The equations describing the nominal behaviour of the system were written as

\begin{matrix} \frac{d X}{d t} & = ϕ_{1} [μ X (1 - \frac{X}{K}) - d X] - 0.0020 ϕ_{3} X, \end{matrix}

(6)

\begin{matrix} \frac{d E}{d t} & = ϕ_{1} [Y_{E} X - k_{\deg} E] - 0.0040 ϕ_{3} E, \end{matrix}

(7)

\begin{matrix} \frac{d B}{d t} & = - ϕ_{2} v_{hyd}, \end{matrix}

(8)

\begin{matrix} \frac{d C}{d t} & = ϕ_{2} (v_{hyd} - 0.10 C) - ϕ_{3} v_{ferm}, \end{matrix}

(9)

\begin{matrix} \frac{d P}{d t} & = ϕ_{3} v_{ferm}, \end{matrix}

(10)

where

K = 7.5

was the biomass carrying capacity constant.
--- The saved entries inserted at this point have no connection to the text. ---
Lemma scale_mul_pow (v k : nat) : (1 <= v)%nat -> scale (v * s ^ k) = INR p ^ k * scale v.
Proof.
  intros Hv. induction k as [|k IH].
  - rewrite Nat.pow_0_r, Nat.mul_1_r. simpl. ring.
  - assert (1 <= s ^ k)%nat by (apply Nat.neq_0_lt_0, Nat.pow_nonzero; lia).
    replace (v * s ^ S k)%nat with (v * s ^ k * s)%nat by (rewrite Nat.pow_succ_r'; ring).
    rewrite scale_mul_s, IH by nia. simpl. ring.
Qed.

(* [scale n / scale (n + 1) = exp (expo * ln (n / (n + 1)))] and [exp t >= 1 + t]. *)
Lemma scale_succ_ratio (n : nat) : (1 <= n)%nat -> (1 - expo / INR n) * scale (S n) <= scale n.
Proof.
  intros Hn. assert (Hn0 : 0 < INR n) by (apply lt_0_INR; lia).
  assert (HSn : INR (S n) = INR n + 1) by apply S_INR.
  assert (Hq : 0 < INR n / INR (S n)) by (rewrite HSn; apply Rdiv_lt_0_compat; lra).
  unfold scale.
  replace (Rpower (INR n) expo) with (Rpower (INR n / INR (S n)) expo * Rpower (INR (S n)) expo)
    by (rewrite Rpower_mult_distr by lra; f_equal; field; lra).
  apply Rmult_le_compat_r; [left; apply exp_pos|].
  eapply Rle_trans; [|apply exp_ineq1_le].
  pose proof (ln_ge_1_sub_inv _ Hq) as Hln.
  replace (/ (INR n / INR (S n))) with (1 + / INR n) in Hln by (rewrite HSn; field; lra).
  pose proof expo_pos. unfold Rdiv at 1.
  assert (expo * (- / INR n) <= expo * ln (INR n / INR (S n))) by (apply Rmult_le_compat_l; lra).
  lra.
Qed.

Lemma b_mul_scale (n : nat) : b n * scale n = INR (a n).
Proof. unfold b_seq. fold expo. fold (scale n). pose proof (scale_pos n). field. lra. Qed.

Lemma b_nonneg (n : nat) : 0 <= b n.
Proof.
  unfold b_seq. apply Rmult_le_pos; [apply pos_INR|].
  left. apply Rinv_0_lt_compat, scale_pos.
Qed.

Lemma a_seq_add1_le_p_scale (n : nat) : (1 <= n)%nat -> INR (a n) + 1 <= INR p * scale n.
Proof.
  induction n as [n IH] using (well_founded_induction Wf_nat.lt_wf). intros Hn.
  pose proof (Nat.div_mod_eq n s) as Hdm.
  pose proof (Nat.mod_upper_bound n s ltac:(lia)) as Hmod.
  set (q := (n / s)%nat) in *. set (d := (n mod s)%nat) in *.
  assert (Hd : INR (h d) + 1 <= INR p)
    by (rewrite <- S_INR; apply le_INR, Hh_lt_p; exact Hmod).
  replace n with (q * s + d)%nat in * by lia.
  rewrite a_seq_digit, plus_INR, mult_INR by lia.
  pose proof (scale_ge_1 _ Hn). assert (0 <= INR p) by apply pos_INR.
  destruct (Nat.eq_dec q 0) as [->|Hq].
  - change (a 0) with 0%nat. simpl INR. nra.
  - assert (Hqn : (q < q * s + d)%nat) by nia.
    specialize (IH q Hqn ltac:(lia)).
    assert (Hsc : scale (q * s) <= scale (q * s + d)) by (apply scale_le; nia).
    rewrite scale_mul_s in Hsc by lia. nra.
Qed.

Lemma b_le_p (n : nat) : (1 <= n)%nat -> b n <= INR p.
Proof.
  intros Hn. apply (Rmult_le_reg_r (scale n)); [apply scale_pos|].
  rewrite b_mul_scale. pose proof (a_seq_add1_le_p_scale n Hn). lra.
Qed.

Lemma b_le_b_mul_s (q : nat) : (1 <= q)%nat -> b q <= b (q * s).
Proof.
  intros Hq. apply (Rmult_le_reg_r (scale (q * s))); [apply scale_pos|].
  rewrite b_mul_scale, scale_mul_s by lia.
  replace (q * s)%nat with (q * s + 0)%nat by lia.
  rewrite a_seq_digit, plus_INR, mult_INR, <- b_mul_scale by nia.
  pose proof (pos_INR (h 0)). lra.
Qed.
All growth, enzyme, hydrolysis, and fermentation dynamics depended on temperature and pH activity profiles. Hydrolysis and fermentation rates were computed as follows:

\begin{matrix} v_{hyd} & = V_{max} (\frac{B}{K_{m} + B + ϵ}) tanh (E), \end{matrix}

(11)

\begin{matrix} v_{ferm} & = Y_{P} \frac{C}{1 + k_{inh} P}, \end{matrix}

(12)

where

ϵ

was a small constant ensuring division by a non-zero number. Hydrolysis rate increased with residual substrate amount and enzymatic activity but was also limited by the

tanh (E)

factor. Fermentation rate transformed soluble sugar into ethanol with a feedback-dependent effect on product-inhibition dynamics. Despite its simplicity, the model preserved the crux of the monitoring problem related to CBP: ethanol was a late product, and the reasons for poor batch performance could be traced in biomass, enzymes, substrate, and sugar states.

Seven log-multiplicative uncertainty factors were used to facilitate the parameter identifiability analysis:

θ = {[\begin{matrix} θ_{μ} & θ_{Y_{E}} & θ_{V_{max}} & θ_{Y_{P}} & θ_{d} & θ_{inh} & θ_{feed} \end{matrix}]}^{⊤} .

(13)

They scaled growth rate, enzyme yield coefficient, hydrolysis capacity, ethanol yield, decay rate, inhibition rate, and feedstock accessibility, respectively. The logarithmic parameter transformation made sense due to multiplicative character of kinetic uncertainties and possible identifiability degeneracy under simultaneous effects of multiple biochemical mechanisms [28,29].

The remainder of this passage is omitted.